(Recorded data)
------------------------------------------------

Lemma greedy_rays_partition n S : (size S <= n)%N -> sorted ltT S ->
  ray_partition_of S (greedy_rays n S).
Proof.
elim: n S => [|n IH] [|m S'] //= S_size S_sorted; try by split.
set B := [seq y <- S' | above m y]; set C := [seq y <- S' | ~~ above m y].
have C_size : (size C <= n)%N by rewrite size_filter (leq_trans (count_size _ _)).
have [C_perm C_ne C_min C_sorted] :=
  IH C C_size (sorted_filter ltT_tr _ (path_sorted S_sorted)).
have m_min : all (ltT m) S' := order_path_min ltT_tr S_sorted.
split=> //=.
- rewrite perm_cons (perm_trans _ (permEl (perm_filterC (above m) S'))) //.
  by apply: perm_cat; rewrite ?perm_sort.
- rewrite C_min andbT all_sort; apply/allP => y.
  by rewrite mem_filter => /andP[_ /(allP m_min)].
- rewrite path_min_sorted //; apply/allP => h /pmap_ohead_sub_flatten.
  by rewrite (perm_mem C_perm) mem_filter => /andP[_ /(allP m_min)].
Qed.

Lemma ray_partition_of_size_pos S Q : ray_partition_of S Q ->
  all (fun n => 0 < n)%N (map size Q).
Proof.
by case=> _ Q_ne _ _; rewrite all_map; apply: sub_all Q_ne => s; rewrite /= lt0n size_eq0.
Qed.

Lemma first_ray_head_min S m0 s1 Q : ray_partition_of S ((m0 :: s1) :: Q) ->
  {in S, forall x, x != m0 -> ltT m0 x}.
Proof.
case=> Q_perm _ /andP[m0_s1 Q_min] Q_sorted x.
rewrite -(perm_mem Q_perm) /= inE mem_cat => /orP[/eqP-> | ]; first by rewrite eqxx.
case/orP=> [/(allP m0_s1) // | /flattenP[[|h s] sQ //]] xs _.
have m0h : ltT m0 h.
  apply: (allP (order_path_min ltT_tr Q_sorted)).
  by rewrite mem_pmap; apply/mapP; exists (h :: s).
move: xs; rewrite inE => /orP[/eqP-> // | xs].
exact: ltT_tr m0h (allP (allP Q_min _ sQ) x xs).
Qed.

Lemma ray_partition_of_nil Q : ray_partition_of [::] Q -> Q = [::].
Proof. by case: Q => [|[|x s] Q] // [] // /perm_size. Qed.

Lemma first_ray_head m S' Q : sorted ltT (m :: S') -> ray_partition_of (m :: S') Q ->
  exists s1 Qr, Q = (m :: s1) :: Qr.
Proof.
move=> S_sorted Q_rp; case: Q Q_rp => [[/perm_size] | [|m0 s1] Qr Q_rp] //.
  by case: Q_rp => _ /andP[].
exists s1, Qr; congr ((_ :: _) :: _); apply/eqP; apply: contraT => m0_neq_m.
have m0_S' : m0 \in S'.
  have [Q_perm _ _ _] := Q_rp.
  by have := perm_mem Q_perm m0; rewrite /= !inE eqxx (negbTE m0_neq_m) /= => <-.
have := first_ray_head_min Q_rp (mem_head m S'); rewrite eq_sym => /(_ m0_neq_m).
by move/(ltT_tr (allP (order_path_min ltT_tr S_sorted) _ m0_S')); rewrite ltT_irr.
Qed.

Lemma first_ray_sub_above m S' s1 Q : ray_partition_of (m :: S') ((m :: s1) :: Q) ->
  witnessed_by ((m :: s1) :: Q) -> {subset s1 <= [seq y <- S' | above m y]}.
Proof.
case=> Q_perm _ _ _ /(_ _ (mem_head _ _)) [ray_zeta /= /andP[m_below _]] y ys1.
have tmy : t m < t y := allP m_below y ys1.
rewrite mem_filter /above (ray_zeta y m) ?inE ?ys1 ?orbT ?eqxx // tmy /=.
have : y \in m :: S' by rewrite -(perm_mem Q_perm) /= inE mem_cat ys1 orbT.
by rewrite inE => /orP[/eqP ym | //]; rewrite ym ltxx in tmy.
Qed.

Lemma greedy_rays_max n S : (size S <= n)%N -> sorted ltT S ->
  forall Q, ray_partition_of S Q -> witnessed_by Q ->
  (forall N, lex_le (pad N (map size Q)) (pad N (map size (greedy_rays n S)))) /\
  (map size Q = map size (greedy_rays n S) -> Q = greedy_rays n S).
Proof.
elim: n S => [|n IH] [|m S'] //= S_size S_sorted Q Q_rp Q_wit;
  try by rewrite (ray_partition_of_nil Q_rp); split=> // N; apply: lex_le_refl.
set B := [seq y <- S' | above m y]; set C := [seq y <- S' | ~~ above m y].
have C_size : (size C <= n)%N by rewrite size_filter (leq_trans (count_size _ _)).
have C_sorted : sorted ltT C := sorted_filter ltT_tr _ (path_sorted S_sorted).
have S'_uniq : uniq S' by case/andP: (@sorted_uniq _ _ ltT_tr ltT_irr (m :: S') S_sorted).
have [s1 [Qr Q_eq]] := first_ray_head S_sorted Q_rp; subst Q.
have s1_sub := first_ray_sub_above Q_rp Q_wit.
case: (Q_rp) => /= Q_perm Qr_ne /andP[_ Qr_min] Qr_sorted.
rewrite perm_cons in Q_perm.
have s1_uniq : uniq s1.
  by move: S'_uniq; rewrite -(perm_uniq Q_perm) cat_uniq => /andP[].
have := uniq_leq_size s1_uniq s1_sub; rewrite leq_eqVlt size_sort.
case/orP=> [/eqP s1_size | s1_lt]; last first.
  split=> [N | [s1_size _]]; first by rewrite ltnS s1_lt.
  by rewrite s1_size ltnn in s1_lt.
have s1_B : s1 =i B := (uniq_min_size s1_uniq s1_sub (eq_leq (esym s1_size))).2.
have Qr_rp : ray_partition_of C Qr.
  by split=> //; [apply: perm_filterC_cat Q_perm s1_B | apply: path_sorted Qr_sorted].
have Qr_wit : witnessed_by Qr by move=> s sQ; apply: Q_wit; rewrite inE sQ orbT.
have [IH_le IH_eq] := IH C C_size C_sorted Qr Qr_rp Qr_wit.
split=> [N | [_ /IH_eq->]].
  by rewrite s1_size ltnn eqxx /= !subnS !predn_sub; apply: IH_le.
congr ((m :: _) :: _); apply: (@irr_sorted_eq _ (relpre t <%O) (relpre_trans lt_trans)).
- by move=> x; apply: ltxx.
- by case: (Q_wit _ (mem_head _ _)) => _ /andP[_ /pairwise_sorted].
- exact: sort_above_sorted.
- by move=> x; rewrite mem_sort s1_B.
Qed.

Lemma greedy_rays_stacked n S : (size S <= n)%N -> sorted ltT S ->
  {in S &, forall x y, zeta x = zeta y -> t x < t y ->
    (index x (flatten (rev (greedy_rays n S)))
       < index y (flatten (rev (greedy_rays n S))))%N}.
Proof.
elim: n S => [|n IH] [|m S'] //= S_size S_sorted x y xS yS zxy txy.
set B := [seq y <- S' | above m y]; set C := [seq y <- S' | ~~ above m y].
set P := m :: sort (relpre t <=%O) B.
have C_size : (size C <= n)%N by rewrite size_filter (leq_trans (count_size _ _)).
have C_sorted : sorted ltT C := sorted_filter ltT_tr _ (path_sorted S_sorted).
have [C_perm _ _ _] := greedy_rays_partition C_size C_sorted.
have P_ray z : z \in m :: S' -> z \notin C -> [/\ z \in P, zeta z = zeta m & t m <= t z].
  rewrite inE => /orP[/eqP-> _ | zS']; first by split; rewrite ?mem_head.
  rewrite mem_filter zS' andbT negbK => /andP[/eqP zz tmz].
  by rewrite /P inE mem_sort mem_filter zS' /above zz eqxx tmz orbT ltW.
rewrite rev_cons flatten_rcons !index_cat !mem_flatten_rev !(perm_mem C_perm).
case xC: (x \in C); case yC: (y \in C).
- exact: IH C_size C_sorted x y xC yC zxy txy.
- by apply: ltn_addr; rewrite index_mem mem_flatten_rev (perm_mem C_perm).
- have [_ zx tmx] := P_ray x xS (negbT xC).
  move: yC; rewrite mem_filter => /andP[]; rewrite /above -zxy zx eqxx.
  by rewrite (le_lt_trans tmx txy).
have [xP _ _] := P_ray x xS (negbT xC); have [yP _ _] := P_ray y yS (negbT yC).
rewrite ltn_add2l; apply: index_lt_sorted_by => //.
have S_uniq := @sorted_uniq _ _ ltT_tr ltT_irr (m :: S') S_sorted.
have [_ P_pairwise] := @greedy_rays_witnessed n.+1 (m :: S') S_uniq P (mem_head _ _).
by rewrite sorted_pairwise //; exact: relpre_trans lt_trans.
Qed.

End GreedyRays.

Section Table.
Variables (r : nat) (k : 'I_r -> nat).
Local Notation table := {i : 'I_r & 'I_(k i)}.

Definition table_key (x : table) : nat *l nat := (tag x : nat, tagged x : nat).

Lemma table_key_inj : injective table_key.
Proof. by move=> [i a] [j b] [/val_inj ij]; subst j => /val_inj->. Qed.

Lemma tltE (x y : table) : tlt x y = (table_key x < table_key y)%O.
Proof.
case: x y => [i a] [j b]; rewrite /tlt ltEprodlexi /= leEnat ltEnat.
have [ij | ij | /val_inj ij] := ltngtP i j.
- by [].
- by rewrite -val_eqE /= (gtn_eqF ij).
by subst j; rewrite eqxx.
Qed.

Lemma tlt_irr : irreflexive (@tlt r k).
Proof. by move=> x; rewrite tltE ltxx. Qed.

Lemma tlt_trans : transitive (@tlt r k).
Proof. by move=> y x z; rewrite !tltE; apply: lt_trans. Qed.

Definition table_enum : seq table := sort (relpre table_key <=%O) (enum {: table}).

Lemma table_enum_sorted : sorted (@tlt r k) table_enum.
Proof.
rewrite (@eq_sorted _ _ (relpre table_key <%O) tltE).
by apply: sort_lt_sorted_by; [move=> x y _ _; apply: table_key_inj | apply: enum_uniq].
Qed.

Lemma is_ray_partitionP Q :
  is_ray_partition Q <-> ray_partition_of (@tlt r k) table_enum Q.
Proof. by rewrite /ray_partition_of /table_enum (permPr (permEl (perm_sort _ _))). Qed.

End Table.

Section Projections.
Variable R : realType.
Local Open Scope ring_scope.

Lemma coord_ord n (x : 'rV[R]_n) (l : 'I_n) : coord x l = x 0 l.
Proof. by rewrite /coord valK. Qed.

Lemma pr_zeta_t_inj n (x y : 'rV[R]_n) :
  pr_zeta x = pr_zeta y -> pr_t x = pr_t y -> x = y.
Proof.
move=> zeta_xy t_xy; apply/rowP => l; rewrite -!coord_ord.
have [l_lt | l_ge] := ltnP l n.-1.
  by have := congr1 (fun v : 'rV[R]_n.-1 => v 0 (Ordinal l_lt)) zeta_xy; rewrite !mxE.
suff -> : nat_of_ord l = n.-1 by [].
apply/eqP; rewrite eqn_leq l_ge andbT -ltnS.
exact: leq_trans (ltn_ord l) (leqSpred n).
Qed.

Lemma pr_zeta_eq_of_pr_1 p (x y : 'rV[R]_(p + 1)) :
  pr_1 p x = pr_1 p y -> pr_zeta x = pr_zeta y.
Proof.
move=> xy; apply/rowP => l; rewrite !mxE.
have l_lt : (l < p)%N by apply: leq_trans (ltn_ord l) _; rewrite addn1.
by have := congr1 (fun v : 'rV[R]_p => v 0 (Ordinal l_lt)) xy; rewrite !mxE.
Qed.

End Projections.

Section MaxRayPartition.
Variables (R : realType) (p q r : nat) (k : 'I_r -> nat).
Variable Z : {i : 'I_r & 'I_(k i)} -> 'rV[R]_(p + q).
Hypothesis Z_Vtilde : in_Vtilde Z.

Let zeta_Z x := pr_zeta (Z x).
Let t_Z x := pr_t (Z x).

Definition max_ray_partition : seq (seq {i : 'I_r & 'I_(k i)}) :=
  greedy_rays zeta_Z t_Z (size (table_enum k)) (table_enum k).

Let Z_zeta_t_inj x y : zeta_Z x = zeta_Z y -> t_Z x = t_Z y -> x = y.
Proof. by move=> zeta_xy t_xy; apply: (proj1 Z_Vtilde); apply: pr_zeta_t_inj. Qed.

Let greedy_max Q := greedy_rays_max (@tlt_irr r k) (@tlt_trans r k) Z_zeta_t_inj
  (leqnn _) (table_enum_sorted k) (Q := Q).

Lemma max_ray_partition_max : max_witnessed Z max_ray_partition.
Proof.
split.
- apply/is_ray_partitionP; exact: (greedy_rays_partition zeta_Z t_Z (@tlt_trans r k)
    (leqnn _) (table_enum_sorted k)).
- by apply: (greedy_rays_witnessed Z_zeta_t_inj); rewrite sort_uniq enum_uniq.
- by move=> Q /is_ray_partitionP Q_rp Q_wit; apply: (greedy_max Q_rp Q_wit).1.
Qed.

Lemma max_witnessed_unique Q : max_witnessed Z Q -> Q = max_ray_partition.
Proof.
case=> /is_ray_partitionP Q_rp Q_wit Q_max.
have [/is_ray_partitionP G_rp G_wit _] := max_ray_partition_max.
have [Q_le Q_eq] := greedy_max Q_rp Q_wit; apply: Q_eq.
apply: (pad_inj (ray_partition_of_size_pos Q_rp) (ray_partition_of_size_pos G_rp)).
by apply: lex_le_anti (Q_le _) (Q_max _ (proj2 (is_ray_partitionP _) G_rp) G_wit).
Qed.

Lemma max_ray_partition_Sigma : q = 1%N ->
  forall Sg, in_component Z Sg -> Sigma_of_eq max_ray_partition Sg.
Proof.
move=> q1 Sg Z_Sg i j j' jj'.
apply: (greedy_rays_stacked (@tlt_irr r k) (@tlt_trans r k) Z_zeta_t_inj (leqnn _)
  (table_enum_sorted k)); rewrite ?mem_sort ?mem_enum //; last exact: Z_Sg.
by subst q; apply: pr_zeta_eq_of_pr_1; apply: (proj2 Z_Vtilde).
Qed.

End MaxRayPartition.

------------------------------------------------

## Exercise brief
If a line of the data above contains "Ordinal", copy it out.

## Exercise result
  by have := congr1 (fun v : 'rV[R]_n.-1 => v 0 (Ordinal l_lt)) zeta_xy; rewrite !mxE.
by have := congr1 (fun v : 'rV[R]_p => v 0 (Ordinal l_lt)) xy; rewrite !mxE.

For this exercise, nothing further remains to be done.